Task to carry out: Copy each line of the material below that includes the string "True".

Material provided:
(* Let $R$ be a commutative ring with $R=2R$, $I$ an ideal of $R$ and $n\ge2$. Let $P=R^{2n}$ with the form $\langle p,q\rangle=p^t\widetilde\psi_nq$, and $Q=R^2\oplus P=R^{2n+2}$ with the form $\langle x,y\rangle=x^t\widetilde\psi_{n+1}y$ (the induced form of $\mathbb{H}(R)\oplus P$). Then, as subgroups of $\mathrm{GL}_{2n+2}(R)$, $$\mathrm{ETrans}_{\mathrm{O}}(Q,IQ,\langle\,,\rangle_{\widetilde\psi_{n+1}})=\mathrm{EO}_{2n+2}(R,I).$$
   Context: $\widetilde\psi_m=\sum_{i=1}^m(e_{2i-1,2i}+e_{2i,2i-1})$. Let $\sigma$ be the permutation of $\{1,\dots,2m\}$ with $\sigma(2i)=2i-1$, $\sigma(2i-1)=2i$; for $z\in R$, $1\le i\ne j\le 2m$, $i\ne\sigma(j)$, $oe_{ij}(z)=1_{2m}+ze_{ij}-ze_{\sigma(j)\sigma(i)}$; $\mathrm{EO}_{2m}(R)$ is generated by all $oe_{ij}(z)$, $\mathrm{EO}_{2m}(I)$ by those with $z\in I$, and $\mathrm{EO}_{2m}(R,I)$ is the normal closure of $\mathrm{EO}_{2m}(I)$ in $\mathrm{EO}_{2m}(R)$. For a symmetric invertible $2n\times 2n$ matrix $\varphi$ and $q\in R^{2n}$ with $q^t\varphi q=0$, define the $(2n+2)\times(2n+2)$ block matrices (blocks of sizes $1,1,2n$) $\rho_\varphi(q)=\begin{pmatrix}1&0&0\\0&1&q^t\varphi\\-q&0&I_{2n}\end{pmatrix}$, $\mu_\varphi(q)=\begin{pmatrix}1&0&q^t\varphi\\0&1&0\\0&-q&I_{2n}\end{pmatrix}$ (the elementary orthogonal transvections $(a,b,p)\mapsto(a,b+\langle p,q\rangle,p-aq)$ and $(a,b,p)\mapsto(a+\langle p,q\rangle,b,p-bq)$ of $Q=R^2\oplus R^{2n}$ with form $\widetilde\psi_1\perp\varphi$). $\mathrm{ETrans}_{\mathrm{O}}(Q,\langle\,,\rangle_{\widetilde\psi_1\perp\varphi})$ is generated by all $\rho_\varphi(q),\mu_\varphi(q)$; $\mathrm{ETrans}_{\mathrm{O}}(IQ,\ldots)$ by those with $q\in I^{2n}$; and $\mathrm{ETrans}_{\mathrm{O}}(Q,IQ,\langle\,,\rangle_{\widetilde\psi_1\perp\varphi})$ is the normal closure of the latter in the former. Here $\varphi=\widetilde\psi_n$, so $\widetilde\psi_1\perp\varphi=\widetilde\psi_{n+1}$. *)

From HB Require Import structures.
From mathcomp Require Import all_boot all_order all_algebra.
Set Implicit Arguments. Unset Strict Implicit. Unset Printing Implicit Defensive.
Import Order.TTheory GRing.Theory Num.Theory.
Local Open Scope ring_scope.

(* Indices are 0-based: index a (0 <= a < 2m) stands for the paper's a+1. *)
Definition sig (a : nat) : nat := if odd a then a.-1 else a.+1.

Definition psi (R : comPzRingType) (m : nat) : 'M[R]_(m.*2) :=
  \matrix_(a, b) ((val b == sig (val a))%:R).

Definition is_ideal (R : comPzRingType) (I : R -> Prop) : Prop :=
  [/\ I 0, (forall x y, I x -> I y -> I (x + y)) & (forall r x, I x -> I (r * x))].

Inductive gen (R : comPzRingType) (N : nat) (S : 'M[R]_N -> Prop) : 'M[R]_N -> Prop :=
  | gen1 : gen S 1%:M
  | genS x : S x -> gen S x
  | genM x y : gen S x -> gen S y -> gen S (x *m y)
  | genV x y : S x -> x *m y = 1%:M -> y *m x = 1%:M -> gen S y.

Definition ncl (R : comPzRingType) (N : nat) (G H : 'M[R]_N -> Prop) : 'M[R]_N -> Prop :=
  gen (fun x => exists g g' h,
        [/\ G g, g *m g' = 1%:M, g' *m g = 1%:M, H h & x = g *m h *m g']).

Definition oe (R : comPzRingType) (m : nat) (i j : 'I_(m.*2)) (z : R) : 'M[R]_(m.*2) :=
  \matrix_(a, b) ((a == b)%:R + z * ((a == i) && (b == j))%:R
                  - z * ((val a == sig (val j)) && (val b == sig (val i)))%:R).

Definition oe_gens (R : comPzRingType) (m : nat) (J : R -> Prop) : 'M[R]_(m.*2) -> Prop :=
  fun g => exists (i j : 'I_(m.*2)) (z : R),
    [/\ i != j, val i != sig (val j), J z & g = oe i j z].

Definition EO (R : comPzRingType) (m : nat) : 'M[R]_(m.*2) -> Prop :=
  gen (@oe_gens R m (fun _ => True)).
Definition EO_I (R : comPzRingType) (m : nat) (I : R -> Prop) : 'M[R]_(m.*2) -> Prop :=
  gen (@oe_gens R m I).
Definition EO_rel (R : comPzRingType) (m : nat) (I : R -> Prop) : 'M[R]_(m.*2) -> Prop :=
  ncl (@EO R m) (@EO_I R m I).

Definition rho (R : comPzRingType) (n : nat) (q : 'cV[R]_(n.*2)) : 'M[R]_(n.+1.*2) :=
  block_mx (1%:M : 'M[R]_(1 + 1)) (col_mx (0 : 'M[R]_(1, n.*2)) (q^T *m psi R n))
           (row_mx (- q) (0 : 'M[R]_(n.*2, 1))) (1%:M : 'M[R]_(n.*2)).

Definition mu (R : comPzRingType) (n : nat) (q : 'cV[R]_(n.*2)) : 'M[R]_(n.+1.*2) :=
  block_mx (1%:M : 'M[R]_(1 + 1)) (col_mx (q^T *m psi R n) (0 : 'M[R]_(1, n.*2)))
           (row_mx (0 : 'M[R]_(n.*2, 1)) (- q)) (1%:M : 'M[R]_(n.*2)).

Definition etrans_gens (R : comPzRingType) (n : nat) (J : R -> Prop) : 'M[R]_(n.+1.*2) -> Prop :=
  fun g => exists q : 'cV[R]_(n.*2),
    [/\ q^T *m psi R n *m q = 0, (forall k, J (q k 0)) & (g = rho q \/ g = mu q)].

Definition ETrans (R : comPzRingType) (n : nat) : 'M[R]_(n.+1.*2) -> Prop :=
  gen (@etrans_gens R n (fun _ => True)).
Definition ETrans_I (R : comPzRingType) (n : nat) (I : R -> Prop) : 'M[R]_(n.+1.*2) -> Prop :=
  gen (@etrans_gens R n I).
Definition ETrans_rel (R : comPzRingType) (n : nat) (I : R -> Prop) : 'M[R]_(n.+1.*2) -> Prop :=
  ncl (@ETrans R n) (@ETrans_I R n I).

From HB Require Import structures.
From mathcomp Require Import all_boot all_order all_algebra.
From mathcomp Require Import ring zify.
Set Implicit Arguments. Unset Strict Implicit. Unset Printing Implicit Defensive.
Import Order.TTheory GRing.Theory Num.Theory.
Local Open Scope ring_scope.

(* Write Q = H + P with the hyperbolic plane H on the first two coordinates.
   The generators rho(q), mu(q) are Eichler transformations E(q); since 2 is
   invertible, correcting the corner entry of E(q) by -<q,q>/2 turns q |-> E(q)
   into a homomorphism from (P, +).  Hence E(q) = prod_k E(q_k e_k), and each
   factor is an elementary oe_ij(q_k) with one index in H and one in P.
   Conversely each such oe_ij(z) is rho or mu of a multiple of a basis vector,
   and an oe_ij(z) with both indices in P is the commutator of oe_i0(z) and
   oe_0j(1).  So the generators of each relative group lie in the other
   relative group, and the two normal closures coincide. *)

Lemma sigK : involutive sig.
Proof.
case=> [|a] //; rewrite /sig /=.
by case: (boolP (odd a)) => h /=; rewrite ?h ?(negbTE h).
Qed.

Answer space:
  gen (@oe_gens R m (fun _ => True)).
  gen (@etrans_gens R n (fun _ => True)).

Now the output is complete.